今度はドラフトの位置です。揚力はドラフト頂点においてセールに直角に発生する。という事はその直角に当たる線ができるだけ前よりに発生した方が良い事になります。仮に船体の真横から風が吹いてきて、セールを一杯引き込んで風に直角になるとすると、揚力は船体の横に対して働くので推進力にはならない。(実際はこの場合は帆掛け舟の押す力ですが)それで、シートを少し緩めて、セールを出すと、セールに直角に発生する揚力が前側に移動していきます。これが前進力になる。もっと出すと前進の力がもっと増える。それでどんどん出していきますと、今度はセールに風がきれいに流れなくなる。揚力が発生しなくなる。揚力がセールに対して直角に働くならば、揚力ができるだけ前進の力にする為には、セールはできるだけ出した方が良い事になります。でも、風向によって風がきれいに流れないと話にならないので、きれいに流れる限りという事になります。

このドラフトの位置はセールの前後方向に対して、後ろ側にあったら、揚力の発生する角度としては良くないですね。できるだけ前進力にしたいわけですから、前側にあった方が良い。でも、前過ぎると今度は風の乱れを起こしてくる。通常、中央より少し前側にドラフトの頂点を設定するのが良いとされています。このドラフトの位置、前後移動はハリヤードで行います。引けばドラフトは前側に移動し、緩めれば後ろに移動します。この時、ドラフトの深さは殆ど変わらない。通常はあまり無いですが、ヨットによってはカニンガムを持っているヨットがあります。ハリヤードを引いてドラフトを前にやると、同時にリーチ側にもテンションがかかって、リーチが閉じる事になります。でも、カニンガムはリーチ側に何ら影響を与えずに、ラフにテンションを加えられます。

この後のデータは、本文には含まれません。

Lemma transport_bregman_interaction :
  transport_bregman (interaction_fun W p) (interaction_fun W q)
    (interaction_var W q) (transport_map Gp q) q
  = / 2 * RInt (fun st => RInt (fun s =>
        bregman W (Gp s - Gp st) (Gq s - Gq st)) 0 1) 0 1.
Proof.
  set (energy := fun e : R -> R => RInt (fun t => RInt (fun s => W (e t - e s)) 0 1) 0 1).
  assert (Hrhs : RInt (fun t => RInt (fun s => bregman W (Gp s - Gp t) (Gq s - Gq t)) 0 1) 0 1
    = energy (extend01 Gp) - energy (extend01 Gq)
      - (RInt (fun t => RInt (fun s => k s t) 0 1) 0 1
         + RInt (fun t => RInt (fun s => k t s) 0 1) 0 1)).
  { rewrite (RInt_ext01 _ (fun t => RInt (fun s => W (extend01 Gp t - extend01 Gp s)) 0 1
                              - RInt (fun s => W (extend01 Gq t - extend01 Gq s)) 0 1
                              - (RInt (fun s => k s t) 0 1 + RInt (fun s => k t s) 0 1))).
    - assert (Ep : forall t, continuous
                (fun t => RInt (fun s => W (extend01 Gp t - extend01 Gp s)) 0 1) t)
        by (apply (continuous_RInt_param (fun s t => _)); auto with cont).
      assert (Eq : forall t, continuous
                (fun t => RInt (fun s => W (extend01 Gq t - extend01 Gq s)) 0 1) t)
        by (apply (continuous_RInt_param (fun s t => _)); auto with cont).
      assert (K1 : forall t, continuous (fun t => RInt (fun s => k s t) 0 1) t)
        by (apply (continuous_RInt_param k); auto).
      assert (K2 : forall t, continuous (fun t => RInt (fun s => k t s) 0 1) t)
        by (apply (continuous_RInt_param (fun s t => k t s)); auto).
      unfold energy; rewrite RInt_minus3, RInt_plus_R; auto using ex_RInt_cont with cont.
    - intros t Ht; unfold k.
      rewrite <- RInt_plus_R, <- RInt_minus3 by (auto using ex_RInt_cont with cont).
      apply RInt_ext01; intros s Hs; apply interaction_bregman_pointwise; auto. }
  unfold transport_bregman.
  rewrite (interaction_fun_quantile W W_cont p Gp), (interaction_fun_quantile W W_cont q Gq),
    interaction_transport_term, Hrhs, (RInt_swap01 k) by auto.
  fold (energy (extend01 Gp)) (energy (extend01 Gq)); lra.
Qed.
End Interaction.

Section Internal.
Variable U : R -> R.
Hypothesis U_C2 : C2_pos U.

Let U_ex_derive y : 0 < y -> ex_derive U y.
Proof. apply U_C2. Qed.
Let DU_ex_derive y : 0 < y -> ex_derive (Derive U) y.
Proof. apply U_C2. Qed.
Let DDU_cont y : 0 < y -> continuous (Derive (Derive U)) y.
Proof. apply U_C2. Qed.

Lemma Derive_Utilde z : 0 < z -> Derive (Utilde U) z = U (/ z) - Derive U (/ z) / z.
Proof.
  intros Hz; apply is_derive_unique; unfold Utilde; auto_derive.
  - split; [apply U_ex_derive, Rinv_0_lt_compat; lra | split; [lra | exact I]].
  - change (fun x : R => U x) with U; field; lra.
Qed.

(* By [Derive_Utilde], [psi y = Utilde' (1 / q y)]. *)
Let psi (y : R) : R := U (q y) - Derive U (q y) * q y.

Let q_pos s : 0 < q (extend01 Gq s).
Proof. apply q_dens, (extend01_range q); auto. Qed.
Let p_pos s : 0 < p (extend01 Gp s).
Proof. apply p_dens, (extend01_range p); auto. Qed.

Lemma psi_is_derive y : 0 < q y ->
  is_derive psi y (- Derive (Derive U) (q y) * Derive q y * q y).
Proof.
  intros Hy; unfold psi.
  assert (Dq : is_derive q y (Derive q y))
    by (apply Derive_correct, (smooth_ex_derive q); auto).
  assert (DU : is_derive U (q y) (Derive U (q y))) by (apply Derive_correct; auto).
  assert (DDU : is_derive (Derive U) (q y) (Derive (Derive U) (q y)))
    by (apply Derive_correct; auto).
  eapply is_derive_eq.
  - apply is_derive_minus_R; [apply (is_derive_comp_R U q); eauto|].
    apply is_derive_mult_R; [apply (is_derive_comp_R (Derive U) q)|]; eauto.
  - cbv beta; ring.
Qed.

Let psi_quantile_cont s : continuous (fun s => psi (extend01 Gq s)) s.
Proof.
  apply continuous_comp_R; auto.
  apply ex_derive_continuous_R; eexists; apply psi_is_derive, q_pos.
Qed.
Let recip_p_cont s : continuous (fun s => / p (extend01 Gp s)) s.
Proof. apply continuous_Rinv_comp; auto with cont; apply Rgt_not_eq, p_pos. Qed.
Let recip_q_cont s : continuous (fun s => / q (extend01 Gq s)) s.
Proof. apply continuous_Rinv_comp; auto with cont; apply Rgt_not_eq, q_pos. Qed.
#[local] Hint Resolve psi_quantile_cont recip_p_cont recip_q_cont : cont.

(* Integration by parts in the quantile variable, using [Gq' = 1 / q o Gq] and
   [Gp' = 1 / p o Gp]; the boundary terms vanish since both inverse CDFs fix 0
   and 1. *)
Lemma RInt_internal_by_parts :
  RInt (fun s => psi (extend01 Gq s) * (/ p (extend01 Gp s) - / q (extend01 Gq s))) 0 1
  = RInt (fun s => Derive (Derive U) (q (extend01 Gq s)) * Derive q (extend01 Gq s)
                   * (extend01 Gp s - extend01 Gq s)) 0 1.
Proof.
  set (a := fun s => psi (extend01 Gq s) * (/ p (extend01 Gp s) - / q (extend01 Gq s))).
  set (b := fun s => Derive (Derive U) (q (extend01 Gq s)) * Derive q (extend01 Gq s)
                     * (extend01 Gp s - extend01 Gq s)).
  set (Fn := fun s => psi (extend01 Gq s) * (extend01 Gp s - extend01 Gq s)).
  assert (a_cont : forall s, continuous a s) by (unfold a; auto with cont).
  assert (b_cont : forall s, continuous b s).
  { intros s; apply continuous_mult_R; [apply continuous_mult_R|auto with cont].
    - apply (continuous_comp_R (fun s => q (extend01 Gq s))); [auto with cont|].
      apply DDU_cont, q_pos.
    - apply continuous_comp_R; auto; apply smooth_continuous_Derive; auto. }
  assert (Hparts : RInt (fun s => a s - b s) 0 1 = Fn 1 - Fn 0).
  { apply RInt_interior_derive; [|unfold Fn; auto with cont|auto with cont].
    intros t Ht.
    assert (Hq : 0 < q (Gq t)) by (apply q_dens, Gq_inv; lra).
    assert (Hp : 0 < p (Gp t)) by (apply p_dens, Gp_inv; lra).
    eapply is_derive_eq.
    - apply is_derive_mult_R.
      + apply (is_derive_comp_R psi (extend01 Gq));
          [apply psi_is_derive, q_pos | apply (extend01_is_derive q Gq); auto].
      + apply is_derive_minus_R;
          [apply (extend01_is_derive p Gp) | apply (extend01_is_derive q Gq)]; auto.
    - unfold a, b, psi; cbv beta; rewrite !extend01_id by lra; field; lra. }
  rewrite RInt_minus_R in Hparts by (apply ex_RInt_cont; auto).
  unfold Fn in Hparts; rewrite !extend01_id, (inv_cdf_0 p Gp), (inv_cdf_1 p Gp),
    (inv_cdf_0 q Gq), (inv_cdf_1 q Gq) in Hparts by (auto; lra).
  lra.
Qed.

Lemma transport_bregman_internal :
  transport_bregman (internal_fun U p) (internal_fun U q)
    (internal_var U q) (transport_map Gp q) q
  = RInt (fun s => bregman (Utilde U) (Derive Gp s) (Derive Gq s)) 0 1.
Proof.
  unfold transport_bregman.
  rewrite (internal_fun_quantile U U_C2 p Gp), (internal_fun_quantile U U_C2 q Gq) by auto.
  rewrite (RInt_ext01
    (fun x => Derive (internal_var U q) x * (transport_map Gp q x - x) * q x)
    (fun x => Derive (Derive U) (q x) * Derive q x * (transport_map Gp q x - x) * q x)).
  2: { intros x Hx; unfold internal_var; rewrite Derive_comp; [ring| |].
       - apply DU_ex_derive, q_dens; lra.
       - apply (smooth_ex_derive q); auto. }
  rewrite RInt_transport_term.
  2: { intros x Hx; assert (0 < q x) by (apply q_dens; lra).
       apply continuous_mult_R; [apply continuous_comp_R; auto|].
       apply smooth_continuous_Derive; auto. }
  rewrite <- RInt_internal_by_parts, <- RInt_minus3.
  - apply RInt_ext01; intros s Hs; unfold bregman, psi.
    assert (0 < q (Gq s)) by (apply q_dens, Gq_inv; lra).
    assert (0 < p (Gp s)) by (apply p_dens, Gp_inv; lra).
    rewrite (Derive_inv_cdf p Gp), (Derive_inv_cdf q Gq), Derive_Utilde,
      !extend01_id, Rinv_inv by (auto; try lra; apply Rinv_0_lt_compat; auto).
    field; lra.
  - intros s; apply (Utilde_inv_continuous U (fun s => p (extend01 Gp s))); auto with cont.
  - intros s; apply (Utilde_inv_continuous U (fun s => q (extend01 Gq s))); auto with cont.
  - auto with cont.
Qed.
End Internal.

End Transport.

Theorem mainTheorem3 :
  forall (p q Gp Gq : R -> R),
    smooth p -> smooth q -> density01 p -> density01 q ->
    is_inv_cdf p Gp -> is_inv_cdf q Gq ->
    (* (i) potential energy *)
    (forall V : R -> R, smooth V ->
       transport_bregman (potential_fun V p) (potential_fun V q)
         (potential_var V q) (transport_map Gp q) q
       = RInt (fun s => bregman V (Gp s) (Gq s)) 0 1)
    /\
    (* (ii) interaction energy *)
    (forall W : R -> R, smooth W -> (forall z, -1 <= z <= 1 -> W (- z) = W z) ->
       transport_bregman (interaction_fun W p) (interaction_fun W q)
         (interaction_var W q) (transport_map Gp q) q
       = / 2 * RInt (fun st => RInt (fun s =>
             bregman W (Gp s - Gp st) (Gq s - Gq st)) 0 1) 0 1)
    /\
    (* (iii) internal energy *)
    (forall U : R -> R, C2_pos U ->
       transport_bregman (internal_fun U p) (internal_fun U q)
         (internal_var U q) (transport_map Gp q) q
       = RInt (fun s => bregman (Utilde U) (Derive Gp s) (Derive Gq s)) 0 1).
Proof.
  intros p q Gp Gq p_smooth q_smooth p_dens q_dens Gp_inv Gq_inv.
  split; [|split].
  - intros V V_smooth; apply transport_bregman_potential; auto.
  - intros W W_smooth W_even; apply transport_bregman_interaction; auto.
  - intros U U_C2; apply transport_bregman_internal; auto.
Qed.
Theorem proposition2p3 (R : realType) (N : nat)
  (D : forall n : nat, 'I_n -> ('I_n -> R) -> R) :
  (2 <= N)%N ->
  (* (A1) *)
  (forall i : 'I_N, smooth_on (D N i)) ->
  (forall i : 'I_N, nat_of_ord i = N.-1 -> 0 < D N i (fun _ => 0)) ->
  (forall i : 'I_N, pd_neg (D N i) i) ->
  (forall i j : 'I_N, i != j -> pd_pos (D N i) j) ->
  (* (A2) *)
  exchangeable (D N) ->
  (* (A3) *)
  (forall (i : 'I_N) (p : 'I_N -> R), nonneg p ->
     exists h : R, 0 <= h /\ D N i (upd p i h) = 0) ->
  (* consistency recursion: D^n(p) = D^{n+1}(p, hat p_{n+1}) with hat p_{n+1} the choke price *)
  (forall n : nat, (1 <= n < N)%N -> forall p : 'I_n -> R, nonneg p ->
     exists h : R, 0 <= h /\ D n.+1 ord_max (ext p h) = 0 /\
       forall i : 'I_n, D n i p = D n.+1 (lift ord_max i) (ext p h)) ->
  (* (A4) *)
  (forall n : nat, (1 <= n < N)%N -> forall i : 'I_n, pd_neg (D n i) i) ->
  (forall n : nat, (1 <= n <= N)%N ->
     (forall i : 'I_n, smooth_on (D n i)) /\
     (forall i j : 'I_n, i != j -> pd_pos (D n i) j) /\
     exchangeable (D n)) /\
  (forall p : 'I_N -> R, nonneg p ->
     (forall i j : 'I_N, (i <= j)%N -> p i <= p j) ->
     forall (n : nat) (hn : (n <= N)%N), (1 <= n)%N ->
     forall i j : 'I_n, (i <= j)%N ->
       D n j (fun k => p (widen_ord hn k)) <= D n i (fun k => p (widen_ord hn k))).
Proof.
move=> _ smoothN _ negN substN exchN _ consistent negn.
have neg n : (1 <= n <= N)%N -> forall i : 'I_n, pd_neg (D n i) i.
  move=> /andP[n1]; rewrite leq_eqVlt => /predU1P[->//|nN].
  by apply: negn; rewrite n1.
have reg : forall n, (1 <= n <= N)%N -> regular_demand (D n).
  apply: nat_down_ind => [|n hn [sm [sub ex]]]; first by split; [|split].
  have [h hh] := nonneg_choice (consistent n hn).
  have hn1 : (1 <= n.+1 <= N)%N by case/andP: hn => _ ->.
  by apply: (lower_regular (h := h) sm sub ex (neg n.+1 hn1 ord_max)) => p hp;
    have [? [? ?]] := hh p hp.
split => [n hn|p hp pmono n nN n1 i j ij]; first exact: reg.
have [_ [sub ex]] : regular_demand (D n) by apply: reg; rewrite n1 nN.
apply: exchangeable_demand_le => //; last exact: pmono.
by apply: neg; rewrite n1 nN.
Qed.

セールを風向に対して、どの角度で出せば良いか?そしてドラフトの深さはどの程度か?そして、位置をどの位置にしたら、最も風がきれに流れて、揚力をうまく利用できるか?船体のバランスもあります。これだけでも、結構な謎解きです。ひとつづつ解明していってはどうでしょう。セールはジェノアもありますので、そのコンビネーションも出てきます。ひとつ解ってうまくなり、またひとつ解ってうまくなる。ひとつひとつのステップが面白くなります。何故、こうなんだ?と思う時、きっとその答えを知りたくなるはずです。それが面白い。ヨットはそういうゲームだと思います。そして、グッドフィーリングが生まれる。